Lebanese leader quits ‘in fear of his life’
LEBANON’S prime minister resigned yesterday, accusing Iran of interfering in his country and saying he fears an assassination plot.
Saad al-Hariri announced his resignation from Saudi Arabia and the move appeared to have been done in co-ordination with Riyadh, which sees Iran as an arch-rival to be countered across the Middle East.
“The evil that Iran spreads in the region will backfire on it,” Mr Hariri said in a televised address. “Despite my efforts, Iran continues to abuse Lebanon.” He also said his life was in danger and he believed he was being targeted like his father, the former prime minister Rafik al-Hariri, who was killed by a car bomb in 2005.
“We are living in a climate similar to the atmosphere that prevailed before the assassination of martyr Rafik alHariri. I have sensed what is being plotted covertly to target my life,” he said.

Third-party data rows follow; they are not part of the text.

Lemma psd_sum_outer_perturb c s :
  (forall i j, (c i j)^* = c j i) -> s^* = s ->
  `|s| * (\sum_i \sum_j `|c i j|) <= 1 ->
  psd (\sum_i w i *m adjmx (w i) + s *: outer_comb c).
Proof.
move=> c_herm s_real s_small.
set X := _ + _.
have herm : adjmx X = X.
  rewrite raddfD /= adjmxZ s_real adjmx_outer_comb raddf_sum /=.
  congr (_ + s *: _); last by apply: eq_bigr => i _; apply: eq_bigr => j _; rewrite c_herm.
  by apply: eq_bigr => i _; rewrite adjmxM adjmxK.
split=> // v.
pose z i := inner (w i) v; pose S := \sum_i `|z i| ^+ 2.
pose Q := \sum_i \sum_j c i j * ((z i)^* * z j).
have qformE : qform X v = S + s * Q.
  rewrite qformD qformZ qform_sum_outer qform_sum; congr (_ + s * _).
  apply: eq_bigr => i _; rewrite qform_sum; apply: eq_bigr => j _.
  by rewrite qformZ qform_outer.
have S_ge0 : 0 <= S by apply: sumr_ge0 => *; exact: exprn_ge0.
have Q_le : `|Q| <= (\sum_i \sum_j `|c i j|) * S.
  rewrite mulr_suml; apply: le_trans (ler_norm_sum _ _ _) _.
  apply: ler_sum => i _; rewrite mulr_suml.
  apply: le_trans (ler_norm_sum _ _ _) _; apply: ler_sum => j _.
  by rewrite !normrM norm_conjC ler_wpM2l ?normM_le_sum_sqr.
have sQ_le : `|s * Q| <= S.
  rewrite normrM; apply: le_trans (_ : `|s| * ((\sum_i \sum_j `|c i j|) * S) <= S).
    by rewrite ler_wpM2l.
  by rewrite mulrA -[leRHS]mul1r ler_wpM2r.
have sQ_real : s * Q \is Num.real.
  have -> : s * Q = (S + s * Q) - S by rewrite addrC addKr.
  have /CrealP := qform_real v herm; rewrite qformE => SsQ_real.
  by rewrite rpredB // ger0_real.
by rewrite -/(qform X v) qformE addrC -[S]opprK subr_ge0 real_lerNnormlW.
Qed.

Definition span_proj : 'M[C]_n := \sum_i (inner (w i) (w i))^-1 *: (w i *m adjmx (w i)).

Lemma adjmx_span_proj : adjmx span_proj = span_proj.
Proof.
rewrite raddf_sum; apply: eq_bigr => i _.
by rewrite /= adjmxZ adjmxM adjmxK fmorphV /= conj_inner.
Qed.

Lemma outer_comb_compress A : adjmx A = A -> A *m span_proj = A ->
  A = outer_comb (fun i j =>
        (inner (w i) (w i))^-1 * (inner (w j) (w j))^-1 * (adjmx (w i) *m A *m w j) 0 0).
Proof.
move=> A_herm AP.
have PA : span_proj *m A = A by rewrite -adjmx_span_proj -{1}A_herm -adjmxM AP.
rewrite -{1}AP -{1}PA /span_proj !mulmx_suml; apply: eq_bigr => i _.
rewrite mulmx_sumr; apply: eq_bigr => j _.
by rewrite -scalemxAr -!scalemxAl outer_sandwich !scalerA [_^-1 / _]mulrC.
Qed.
Lemma second_difference_mvt f x p q h : 0 <= h ->
  (forall t s, 0 <= t <= h -> 0 <= s <= h ->
     differentiable f (x + t *: p + s *: q) /\
     differentiable ('D_p f) (x + t *: p + s *: q)) ->
  exists t s, [/\ 0 <= t <= h, 0 <= s <= h &
    f (x + h *: p + h *: q) - f (x + h *: p) - f (x + h *: q) + f x
      = h * h * 'D_q ('D_p f) (x + t *: p + s *: q)].
Proof.
move=> h0 fd.
have hh : 0 <= h <= h by apply/andP.
have h00 : (0 : R) <= 0 <= h by apply/andP.
have fqp t : 0 <= t <= h -> derivable (fun y => f (y + h *: q)) (x + t *: p) p.
  by move=> th; rewrite derivable_translate; exact: diff_derivable (fd t h th hh).1.
have fp t : 0 <= t <= h -> derivable f (x + t *: p) p.
  by move=> th; apply: diff_derivable; have [] := fd t 0 th h00; rewrite scale0r addr0.
have [t th Et] := mvt_line h0 (fun t th => derivableB (fqp t th) (fp t th)).
have [s sh Es] := mvt_line h0 (fun s sh => diff_derivable (fd t s th sh).2).
rewrite (deriveB (fqp t th) (fp t th)) derive_translate Es in Et.
have Et' : f (x + h *: p + h *: q) - f (x + h *: p) - (f (x + h *: q) - f x)
    = h * (h * 'D_q ('D_p f) (x + t *: p + s *: q)) := Et.
by exists t, s; split => //; rewrite -mulrA -Et'; lra.
Qed.

Lemma derive_comm f x p q :
  (\forall y \near x, [/\ differentiable f y, differentiable ('D_p f) y
                        & differentiable ('D_q f) y]) ->
  {for x, continuous ('D_q ('D_p f))} -> {for x, continuous ('D_p ('D_q f))} ->
  'D_q ('D_p f) x = 'D_p ('D_q f) x.
Proof.
move=> fd cpq cqp.
apply/eqP; rewrite -subr_eq0 -normr_le0; apply/ler_addgt0Pr => e e0.
have e2 : 0 < e / 2 by rewrite divr_gt0.
have [r r0 near_x] := (nbhs_ballP _ _).1 (filterI fd (filterI
  (@cvgr_dist_lt _ _ _ _ (nbhs_filter x) _ _ cpq _ e2)
  (@cvgr_dist_lt _ _ _ _ (nbhs_filter x) _ _ cqp _ e2))).
pose h := r / (`|p| + `|q| + 1).
have h0 : 0 < h by rewrite divr_gt0 // ltr_wpDl ?addr_ge0.
have in_ball t s : 0 <= t <= h -> 0 <= s <= h -> ball x r (x + t *: p + s *: q).
  move=> /andP[t0 th] /andP[s0 sh]; rewrite -ball_normE /= -addrA opprD addNKr normrN.
  rewrite (le_lt_trans (ler_normD _ _)) // !normrZ !ger0_norm //.
  apply: (@le_lt_trans _ _ (h * (`|p| + `|q|))); first by rewrite mulrDr lerD // ler_wpM2r.
  by rewrite /h mulrAC ltr_pdivrMr ?ltr_pM2l ?ltrDl // ltr_wpDl ?addr_ge0.
have in_ball' t s : 0 <= t <= h -> 0 <= s <= h -> ball x r (x + t *: q + s *: p).
  by move=> th sh; rewrite addrAC; exact: in_ball.
(* The same second difference yields both mixed derivatives at nearby points. *)
have [t1 [s1 [t1h s1h E1]]] := second_difference_mvt (ltW h0)
  (fun t s th sh => let: conj (And3 a b _) _ := near_x _ (in_ball t s th sh) in conj a b).
have [t2 [s2 [t2h s2h E2]]] := second_difference_mvt (p := q) (q := p) (ltW h0)
  (fun t s th sh => let: conj (And3 a _ c) _ := near_x _ (in_ball' t s th sh) in conj a c).
have [_ [c1 _]] := near_x _ (in_ball t1 s1 t1h s1h).
have [_ [_ c2]] := near_x _ (in_ball' t2 s2 t2h s2h).
set Q1 := 'D_q ('D_p f) _ in E1 c1; set Q2 := 'D_p ('D_q f) _ in E2 c2.
rewrite [x + h *: q + h *: p]addrAC [_ - f (x + h *: q) - _]addrAC E1 in E2.
have EQ : Q1 = Q2 := mulfI (mulf_neq0 (lt0r_neq0 h0) (lt0r_neq0 h0)) E2.
set A := 'D_q ('D_p f) x in c1 *; set B := 'D_p ('D_q f) x in c2 *.
have -> : A - B = (A - Q1) + (Q2 - B) by rewrite EQ addrA subrK.
rewrite distrC in c2; rewrite add0r (splitr e).
exact: le_trans (ler_normD _ _) (lerD (ltW c1) (ltW c2)).
Qed.
End Schwarz.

Mr Hariri also lashed out against Hizbollah, the Lebanese militant group which plays a major role in the country’s politics and is supported by Iran.
Hizbollah’s armed wing is considered a terrorist group by the US, UK and most Gulf Arab states. New American sanctions imposed on the group may harm Lebanon’s economy.
Mr Hariri said the group’s actions had put Lebanon “in the eye of the storm”. He had been in the role a little over a year and his resignation plunges Lebanon into uncertainty after what had appeared to be a period of political progress in the small Middle East state.
In October, the parliament passed its first budget since 2005 and last year it successfully elected a president, end- ing a stand-off which had left it without a head of state for more than two years. The economy has been struggling. Under Lebanon’s complicated power sharing system, the role of prime minister must be held by a Sunni Muslim, while the president is Christian and the speaker of the house is a Shia.
Michael Aroun, the president, is closely aligned with Hizbollah and Mr Hariri’s resignation may remove one of the few anti-Hizbollah bulwarks inside the Lebanese government.
Mr Hariri announced he was stepping down after a flurry of visits to Saudi Arabia. He travelled to the Sunni kingdom earlier this week and met the Thamer al-Sabhan, the Saudi minister for Gulf affairs, who takes a hawkish stance against Iranian influence in the region. Iran immediately cast Mr Hariri’s resignation as part of a US-Saudi plan for control in the Middle East.
The Saudi military shot down a missile fired from Yemen towards Riyadh’s airport yesterday. Unconfirmed Saudi reports said the missile was an Iranianmade Burkan 2H, likely fired by the Houthi rebel group in Yemen.